If you’re switching brands for any reason, whether cost, availability, or a recall, it’s reasonable to have your thyroid levels rechecked about six weeks after the change. That’s roughly how long it takes for your body to reach a new steady state on thyroid medication. You’re looking for any shift in your TSH, free T4, or free T3 that might call for a dose adjustment.
Some patients find they strongly prefer one brand and feel noticeably different on the other. This isn’t imagined. Individual differences in gut absorption, sensitivity to fillers, and even the rate at which a tablet dissolves can all play a role. If you’ve been stable and feeling well on one brand, there’s no medical reason to switch just because the other exists.

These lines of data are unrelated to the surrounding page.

Lemma gmul_ev_monom p S q : gmul (ev m p) (monom S q) = monom S (p * q).
Proof. by apply/ffunP => T; rewrite gmul_ev !ffunE; case: ifP; rewrite ?mulr0. Qed.

Lemma gmul_monom S T p q : S :&: T = set0 ->
  gmul (monom S p) (monom T q) = monom (S :|: T) (esign S T * (p * q)).
Proof.
move=> STI; apply/ffunP => U; rewrite !ffunE (bigD1 S) //= [X in _ + X]big1 ?addr0; last first.
  by move=> A /negbTE nA; apply: big1 => B _; rewrite ffunE nA mul0r mulr0.
under eq_bigr => B _ do rewrite ffunE eqxx.
case: (eqVneq (S :|: T) U) => [<-|nU].
  rewrite (bigD1 T) ?STI ?eqxx //= [X in _ + X]big1 ?addr0 ?ffunE ?eqxx //.
  by move=> B /andP[_ /negbTE nB]; rewrite ffunE nB !mulr0.
rewrite big1 // => B /andP[_ /eqP SB]; rewrite ffunE.
case: eqP => [TB|_]; last by rewrite !mulr0.
by rewrite -TB SB eqxx in nU.
Qed.

Definition coloring := {ffun 'I_m -> 'I_3}.

Implicit Types (A B : {set 'I_m}) (f g h : coloring) (F G : coloring -> P).

Definition graph_on A f : {set OddGen m} := [set ic | (ic.1 \in A) && (ic.2 == f ic.1)].
Definition restrict A f : coloring := [ffun i => if i \in A then f i else 0].
Definition glue A f g : coloring := [ffun i => if i \in A then f i else g i].
Definition normalized A f := restrict A f == f.
Definition agree_on A f g := A \subset [set i | f i == g i].

Definition isgn A B : P :=
  (-1) ^+ #|[set ij : 'I_m * 'I_m | [&& ij.1 \in A, ij.2 \in B & (ij.2 < ij.1)%N]]|.

(* [colored A F] sums [F f] times the monomial taking at each i in A the generator of
   colour [f i]; colourings are normalized to 0 off A so that each monomial occurs once. *)
Definition colored A F : GC m :=
  \sum_(f | normalized A f) monom (graph_on A f) (F f).

Lemma isgn_lt A B : {in A & B, forall a b : 'I_m, (a < b)%N} -> isgn A B = 1.
Proof.
move=> AB; rewrite /isgn (_ : [set _ | _] = set0) ?cards0 //.
apply/setP => -[a b]; rewrite !inE /=.
by apply/and3P => -[aA bB]; rewrite ltnNge ltnW ?AB.
Qed.

Lemma isgn1 a b : isgn [set a] [set b] = if (b < a)%N then -1 else 1.
Proof.
rewrite /isgn; set S := [set _ | _]; case: ifP => ba.
  rewrite (_ : S = [set (a, b)]) ?cards1 //.
  by apply/setP => -[x y]; rewrite !inE /= xpair_eqE; do 2!case: eqP => [->|] //=.
rewrite (_ : S = set0) ?cards0 //.
by apply/setP => -[x y]; rewrite !inE /=; do 2!case: eqP => [->|] //=.
Qed.

Lemma isgnUl A1 A2 B : [disjoint A1 & A2] ->
  isgn (A1 :|: A2) B = isgn A1 B * isgn A2 B.
Proof.
move=> A12; rewrite /isgn -exprD -cardsUI (_ : _ :&: _ = set0) ?cards0 ?addn0.
  by congr (_ ^+ _); apply: eq_card => -[x y]; rewrite !inE /= -andb_orl.
apply/setP => -[x y]; rewrite !inE /=.
by case x1: (x \in A1); rewrite //= (disjointFr A12 x1) andbF.
Qed.

Lemma isgnUr A B1 B2 : [disjoint B1 & B2] ->
  isgn A (B1 :|: B2) = isgn A B1 * isgn A B2.
Proof.
move=> B12; rewrite /isgn -exprD -cardsUI (_ : _ :&: _ = set0) ?cards0 ?addn0.
  congr (_ ^+ _); apply: eq_card => -[x y]; rewrite !inE /=.
  by case: (x \in A); case: (y \in B1); case: (y \in B2); rewrite /= ?orbb ?orbF.
apply/setP => -[x y]; rewrite !inE /=.
by case: (x \in A); case y1: (y \in B1); rewrite //= (disjointFr B12 y1) ?andbF.
Qed.

Lemma isgn1_lt (a b : 'I_m) : (a < b)%N -> isgn [set a] [set b] = 1.
Proof. by move=> ab; rewrite isgn1 ltnNge ltnW. Qed.

Lemma isgn1_gt (a b : 'I_m) : (b < a)%N -> isgn [set a] [set b] = -1.
Proof. by move=> ba; rewrite isgn1 ba. Qed.

Lemma graph_onI A B f g : [disjoint A & B] -> graph_on A f :&: graph_on B g = set0.
Proof.
move=> AB; apply/setP => -[i c]; rewrite !inE /=.
by case iA: (i \in A); rewrite //= (disjointFr AB iA) andbF.
Qed.

Lemma graph_onU A B f g : [disjoint A & B] ->
  graph_on A f :|: graph_on B g = graph_on (A :|: B) (glue A f g).
Proof.
move=> AB; apply/setP => -[i c]; rewrite !inE /= ffunE.
by case iA: (i \in A); rewrite //= (disjointFr AB iA) andFb orbF.
Qed.

Lemma esign_graph_on A B f g : [disjoint A & B] ->
  esign (graph_on A f) (graph_on B g) = isgn A B.
Proof.
move=> AB; rewrite /esign /isgn; congr (_ ^+ _).
set inv := [set ij : 'I_m * 'I_m | _].
rewrite (_ : [set _ | _] = [set ((ij.1, f ij.1), (ij.2, g ij.2)) | ij in inv]).
  by rewrite card_imset // => -[a b] [a' b'] /= [-> _ -> _].
apply/setP => -[[a c] [b d]]; rewrite !inE /=; apply/idP/imsetP.
  case/and3P => /andP[aA /eqP ->] /andP[bB /eqP ->] lt.
  exists (a, b) => //; rewrite inE /= aA bB /=.
  (* [code] orders odd generators by index first. *)
  have ab : a != b by apply: contraTneq bB => <-; rewrite (disjointFr AB aA).
  move: lt; rewrite /code /=; have := ltn_ord (f a); have := ltn_ord (g b).
  move: ab; rewrite -val_eqE /=; lia.
case=> -[a' b']; rewrite inE /= => /and3P[aA bB lt] [-> -> -> ->].
rewrite aA bB !eqxx /= /code /=; have := ltn_ord (f a'); have := ltn_ord (g b').
move: lt; lia.
Qed.
Lemma colon_mm_var M N x z : x != z -> mmul M (mvar x) = mmul N (mvar z) ->
  forall w, colon_mm N M w <-> 0 < w x.
Proof.
move=> xz /ffunP MN w; split=> [/(_ x)|wx v].
  by have := MN x; rewrite !ffunE eqxx (negbTE xz); lia.
by have := MN v; rewrite !ffunE; case: eqP => [->|]; lia.
Qed.

Lemma principal_mvar x w : principal (mvar x) w <-> 0 < w x.
Proof.
split=> [/(_ x)|w_x v]; rewrite ffunE ?eqxx //.
by case: eqP => [->|].
Qed.

Lemma colon_mm_mvar N M x w : M x < N x -> colon_mm N M w -> 0 < w x.
Proof. by move=> lt_x /(_ x); rewrite ffunE; lia. Qed.

End Monomials.

(* Pointwise goals about monomials built from [mmul] and [mvar] are linear in the
   indicators [v == x].  We case on vertex equalities only when lia needs them, and
   clear the context before calling lia, on which zify is otherwise very slow. *)
Ltac atom_lia :=
  repeat match goal with |- context [nat_of_bool ?b] => generalize (nat_of_bool b) => ? end;
  repeat match goal with H : _ |- _ => clear H end;
  lia.

Ltac mono_norm :=
  rewrite ?mvar2E ?ffunE ?eqxx /=;
  repeat match goal with
  | H : is_true (?x != ?y) |- context [?x == ?y] => rewrite (negbTE H)
  | H : is_true (?x != ?y) |- context [?y == ?x] => rewrite [y == x]eq_sym (negbTE H)
  | |- context [?x == ?y] => match goal with |- context [y == x] => rewrite [y == x]eq_sym end
  end;
  rewrite /=.

Ltac mono_split :=
  first [ atom_lia
        | match goal with H : is_true (?x != ?x) |- _ => by rewrite eqxx in H end
        | match goal with |- context [?a == ?b] =>
            case: (eqVneq a b) => [?|?]; [try subst a|]; mono_norm; mono_split end ].

Ltac mono_lia := mono_norm; mono_split.

Ltac mono_lia_at v :=
  rewrite ?mvar2E ?ffunE;
  repeat match goal with |- context [v == ?b] =>
    case: (eqVneq v b) => [?|?]; [subst v|] end;
  mono_lia.

Ltac mono_ac := apply/ffunP=> ?; rewrite !ffunE; atom_lia.

Section Expressions.
Variables (V : finType) (L : seq {set V}).
Implicit Types (M : mono V) (a : seq nat).

Definition edge_prod m M := exists a, is_expr L m M a.

Lemma prod_expr_incr a i : i < size L ->
  prod_expr L (incr_nth a i) = mmul (prod_expr L a) (edge_mono (nth set0 L i)).
Proof.
move=> lt_iL; apply/ffunP=> v; rewrite !ffunE.
under eq_bigr do rewrite nth_incr_nth mulnDl.
rewrite big_split /= addnC; congr (_ + _).
rewrite (bigD1 (Ordinal lt_iL)) //= eqxx mul1n big1 ?addn0 // => k.
by rewrite -val_eqE eq_sym => /negbTE ->.
Qed.

Lemma is_expr_incr m M a i : is_expr L m M a -> i < size L ->
  is_expr L m.+1 (mmul M (edge_mono (nth set0 L i))) (incr_nth a i).
Proof.
case=> sz_a sum_a <- lt_iL; split; last exact: prod_expr_incr.
- by rewrite size_incr_nth sz_a lt_iL.
- by rewrite sumn_incr_nth sum_a.
Qed.

Lemma is_expr_decr m M a i : is_expr L m M a -> 0 < nth 0 a i ->
  exists m' a', [/\ m = m'.+1, is_expr L m' (prod_expr L a') a' &
    M = mmul (prod_expr L a') (edge_mono (nth set0 L i))].
Proof.
case=> sz_a sum_a <- a_i; have [a' sz_a' def_a] := incr_nth_pred a_i.
have lt_iL : i < size L by rewrite -sz_a ltnNge; apply: contraTN a_i => /(nth_default 0) ->.
exists (sumn a'), a'; split=> //; last by rewrite def_a prod_expr_incr.
- by rewrite -sum_a def_a sumn_incr_nth.
- by split=> //; rewrite sz_a'.
Qed.

Lemma edge_prod_mone : edge_prod 0 (mone V).
Proof.
exists (nseq (size L) 0); split; first by rewrite size_nseq.
- by elim: (size L) => //= k ->.
- by apply/ffunP=> v; rewrite !ffunE big1 // => k _; rewrite nth_nseq if_same.
Qed.

Lemma edge_prod_mul m M u : u \in map (@edge_mono V) L -> edge_prod m M ->
  edge_prod m.+1 (mmul M u).
Proof.
case/mapP=> S /(nthP set0) [i lt_iL <-] -> [a expr_a].
by exists (incr_nth a i); apply: is_expr_incr.
Qed.

Lemma edge_prod_pow m M W : edge_prod m M -> mdvd M W -> pow_ideal L m W.
Proof. by case=> a [sz_a sum_a <-] MW; exists a. Qed.

Lemma colon_mm_sub_pow m N M : pow_ideal L m (mlcm N M) ->
  msubset (colon_mm N M) (colon (pow_ideal L m) M).
Proof.
case=> a [sz_a sum_a dvd_a] w /colon_mmP lcm_w.
by exists a; split=> // v; apply: leq_trans (dvd_a v) (lcm_w v).
Qed.

Definition edge_factor n M i := exists2 G, edge_prod n G & M = mmul (Ledge L i) G.

Lemma edge_factor_of_expr n M a i : is_expr L n.+1 M a -> 0 < nth 0 a i ->
  edge_factor n M i.+1.
Proof.
move=> expr_a a_i; have [m [a' [[<-] expr_a' ->]]] := is_expr_decr expr_a a_i.
by exists (prod_expr L a'); [exists a' | rewrite mmulC].
Qed.
Lemma linear_map_sum (R : numClosedFieldType) (S T : finType) (N : op R S -> op R T)
    (I : Type) (r : seq I) (c : I -> R) (E : I -> op R S) :
  linear_map N ->
  N (fun i j => \sum_(k <- r) c k * E k i j) = fun p q => \sum_(k <- r) c k * N (E k) p q.
Proof.
move=> [N_add N_scale]; elim: r => [|k r IH].
  have -> : (fun i j => \sum_(k <- [::]) c k * E k i j) = (fun i j => 0 * (0 : R)).
    by apply: functional_extensionality => i; apply: functional_extensionality => j;
       rewrite big_nil mul0r.
  rewrite N_scale; apply: functional_extensionality => p; apply: functional_extensionality => q.
  by rewrite big_nil mul0r.
have -> : (fun i j => \sum_(l <- k :: r) c l * E l i j) =
    opadd (fun i j => c k * E k i j) (fun i j => \sum_(l <- r) c l * E l i j).
  by apply: functional_extensionality => i; apply: functional_extensionality => j;
     rewrite big_cons.
rewrite N_add N_scale IH; apply: functional_extensionality => p.
by apply: functional_extensionality => q; rewrite big_cons.
Qed.

Section LinkProduct.
Variable R : numClosedFieldType.
Variables LA A' B' LB A B : finType.
Local Notation In := ((LA * A') * (B' * LB))%type.
Local Notation Choi := ((A' * A) * (B * B'))%type.
Local Notation Out := ((LA * A) * (B * LB))%type.
Local Notation U := (A' * B')%type.

Definition in_pos (x : Out) (u : U) : In := ((x.1.1, u.1), (u.2, x.2.2)).
Definition choi_pos (x : Out) (u : U) : Choi := ((u.1, x.1.2), (x.2.1, u.2)).

(* The link product of P on L_A A' B' L_B with K on L'_A A B L'_B, contracting
   A'B' against L'_A L'_B; applying id (x) N (x) id to rho is link rho (choi N). *)
Definition link (P : op R In) (K : op R Choi) : op R Out :=
  fun x y => \sum_u \sum_u' P (in_pos x u) (in_pos y u') * K (choi_pos x u) (choi_pos y u').

(* It is a compression of the Schur product of two pulled-back psd matrices. *)
Lemma link_psd (P : op R In) (K : op R Choi) : psd P -> psd K -> psd (link P K).
Proof.
move=> hP hK.
exact: (psd_sum_blocks (psd_schur (psd_pull (fun p : Out * U => in_pos p.1 p.2) hP)
                                  (psd_pull (fun p : Out * U => choi_pos p.1 p.2) hK))).
Qed.

Definition swap_tails (p : U * U) : U * U := ((p.1.1, p.2.2), (p.2.1, p.1.2)).

Lemma swap_tails_inj : injective swap_tails.
Proof. by apply: (can_inj (g := swap_tails)) => -[[a b] [c d]]. Qed.
(* Let $\mathfrak A$ be a pseudo left Hilbert algebra. Then $\mathfrak A^2=\mathrm{span}\{\xi\eta:\xi,\eta\in\mathfrak A\}$, with the restricted product, involution and inner product, is a left Hilbert algebra. Moreover, for all $\xi\in\mathfrak A$ and $\eta\in(\mathfrak A^2)^\perp$ (orthogonal complement in $\overline{\mathfrak A}$) one has $\xi\eta:=\pi_l(\xi)\eta=0$; and if in addition $\eta\in\mathfrak A$, then also $\eta\xi=0$.
   Context: Inner products are linear in the second variable. A pseudo left Hilbert algebra is a complex associative algebra $\mathfrak A$ with an antilinear involution $S:\mathfrak A\to\mathfrak A$ ($S^2=\mathrm{id}$, $S(\xi\eta)=S(\eta)S(\xi)$) and an inner product $\langle\cdot,\cdot\rangle$ such that: (1) for each $\xi\in\mathfrak A$ the left multiplication $\pi_l(\xi):\eta\mapsto\xi\eta$ is bounded; (2) $\langle\xi\eta,\zeta\rangle=\langle\eta,(S\xi)\zeta\rangle$ for all $\xi,\eta,\zeta\in\mathfrak A$; (3) $S$ is closable as an operator on the Hilbert space completion $\overline{\mathfrak A}$. It is a left Hilbert algebra if moreover $\mathfrak A^2=\mathrm{span}\{\xi\eta:\xi,\eta\in\mathfrak A\}$ is dense in $\overline{\mathfrak A}$. The closure of $S$ is again denoted $S$, with domain $D(S)$; $\pi_l(\xi)$ also denotes the bounded extension to $\overline{\mathfrak A}$. *)

From mathcomp Require Import all_boot all_order all_algebra.
From mathcomp Require Import reals complex.
Set Implicit Arguments. Unset Strict Implicit. Unset Printing Implicit Defensive.
Import Order.TTheory GRing.Theory Num.Theory.
Local Open Scope ring_scope.

Section PLHA.
Variable R : realType.
Local Notation C := (R[i]).
Variable H : lmodType C.
Variable ip : H -> H -> C.

(* complex inner product, linear in the second variable, antilinear in the first *)
Definition inner_product : Prop :=
  [/\ forall (a : C) x y z, ip x (a *: y + z) = a * ip x y + ip x z,
      forall x y, ip y x = (ip x y)^*,
      forall x, 0 <= ip x x &
      forall x, ip x x = 0 -> x = 0].

Definition hnorm (x : H) : R := Num.sqrt (complex.Re (ip x x)).

Definition hcvg (u : nat -> H) (l : H) : Prop :=
  forall e : R, 0 < e -> exists N : nat, forall n, (N <= n)%N -> hnorm (u n - l) < e.

Definition hcauchy (u : nat -> H) : Prop :=
  forall e : R, 0 < e -> exists N : nat,
    forall m n, (N <= m)%N -> (N <= n)%N -> hnorm (u m - u n) < e.

Definition hcomplete : Prop := forall u, hcauchy u -> exists l, hcvg u l.

(* closure of a subset of H; for B a subspace of the Hilbert space H this is
   (a realization of) the Hilbert space completion of B *)
Definition hclosure (B : H -> Prop) : H -> Prop :=
  fun x => exists u : nat -> H, (forall n, B (u n)) /\ hcvg u x.

Definition orth (B : H -> Prop) : H -> Prop :=
  fun x => forall y, B y -> ip y x = 0.

Definition subspace (B : H -> Prop) : Prop :=
  B 0 /\ forall (a : C) x y, B x -> B y -> B (a *: x + y).

Definition sq (B : H -> Prop) (mult : H -> H -> H) : H -> Prop :=
  fun z => exists (n : nat) (c : 'I_n -> C) (u v : 'I_n -> H),
    (forall i, B (u i)) /\ (forall i, B (v i)) /\
    z = \sum_(i < n) c i *: mult (u i) (v i).

(* B (subset of H, with product mult and involution S defined on B) is a
   pseudo left Hilbert algebra, its completion being realized as the
   closure of B in H *)
Definition pseudo_left_Hilbert_algebra (B : H -> Prop) (mult : H -> H -> H)
    (S : H -> H) : Prop :=
  [/\ subspace B,
      [/\ forall x y, B x -> B y -> B (mult x y),
          forall x y z, B x -> B y -> B z -> mult x (mult y z) = mult (mult x y) z,
          forall (a : C) x y z, B x -> B y -> B z ->
            mult (a *: x + y) z = a *: mult x z + mult y z &
          forall (a : C) x y z, B x -> B y -> B z ->
            mult x (a *: y + z) = a *: mult x y + mult x z],
      [/\ forall x, B x -> B (S x),
          forall (a : C) x y, B x -> B y -> S (a *: x + y) = a^* *: S x + S y,
          forall x, B x -> S (S x) = x &
          forall x y, B x -> B y -> S (mult x y) = mult (S y) (S x)],
      (forall x, B x -> exists M : R, forall y, B y -> hnorm (mult x y) <= M * hnorm y) &
      ((forall x y z, B x -> B y -> B z -> ip (mult x y) z = ip y (mult (S x) z)) /\
      (* (3) S is closable as an operator on the completion: the closure of its
         graph contains no point (0, w) with w <> 0 *)
      (forall u : nat -> H, forall w, (forall n, B (u n)) ->
          hcvg u 0 -> hcvg (fun n => S (u n)) w -> w = 0))].

Definition left_Hilbert_algebra (B : H -> Prop) (mult : H -> H -> H)
    (S : H -> H) : Prop :=
  pseudo_left_Hilbert_algebra B mult S /\
  (forall x, hclosure B x -> hclosure (sq B mult) x).

(* pil_ext B mult x eta v : the bounded extension of pi_l(x) (left
   multiplication by x on B) to the completion maps eta to v, i.e.
   x u_n -> v for every sequence u_n in B converging to eta *)
Definition pil_ext (B : H -> Prop) (mult : H -> H -> H) (x eta v : H) : Prop :=
  forall u : nat -> H, (forall n, B (u n)) -> hcvg u eta ->
    hcvg (fun n => mult x (u n)) v.

End PLHA.

(* Let eta be orthogonal to A^2 and u_n -> eta with u_n in A. Since pi_l(xi) is
   bounded, xi u_n is Cauchy; its limit v satisfies
   <a, v> = lim <(S xi) a, u_n> = <(S xi) a, eta> = 0 for every a in A, so v = 0
   by density of A. When eta is in A the same computation gives x eta = 0 for all
   x in A, hence |eta xi|^2 = <xi, ((S eta) eta) xi> = 0.
   For the density of A^4 := (A^2)^2 in the closure of A^2, project b in A onto
   the closure of A^2: b = p + q with q orthogonal to A^2 and p = lim p_n, p_n in
   A^2. By the first part w q = 0 in the limit, so w b = lim w p_n. For w in A^2
   this puts A^2 A in the closure of A^4; for w in A it writes w b as a limit of
   w p_n, which lies in the span of A^2 A, hence A A lies in the closure of A^4.
   The remaining axioms of a pseudo left Hilbert algebra restrict from A to its
   S-stable subalgebra A^2. *)

From mathcomp Require Import all_boot all_order all_algebra.
From mathcomp Require Import boolp classical_sets reals complex.
From mathcomp Require Import ring lra.
Set Implicit Arguments. Unset Strict Implicit. Unset Printing Implicit Defensive.
Import Order.TTheory GRing.Theory Num.Theory Normc.
Local Open Scope ring_scope.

Why Both Remain Unapproved
The FDA has publicly stated concerns about the safety and effectiveness of all animal-derived thyroid medications, including both NP Thyroid and Armour Thyroid. The core issue is that these products were never put through the rigorous clinical trials that modern FDA approval requires. They’ve persisted on the market through a regulatory gray area, grandfathered in by decades of use.
This doesn’t mean they don’t work. Millions of patients take desiccated thyroid and do well on it, and some prefer it over synthetic alternatives because it provides both T4 and T3 rather than T4 alone. But the unapproved status does mean there’s less regulatory oversight of manufacturing consistency, which is exactly the kind of gap that led to NP Thyroid’s potency recall. If you’re taking either brand, paying attention to how you feel and staying current on thyroid blood work is your best safeguard against batch-to-batch variability.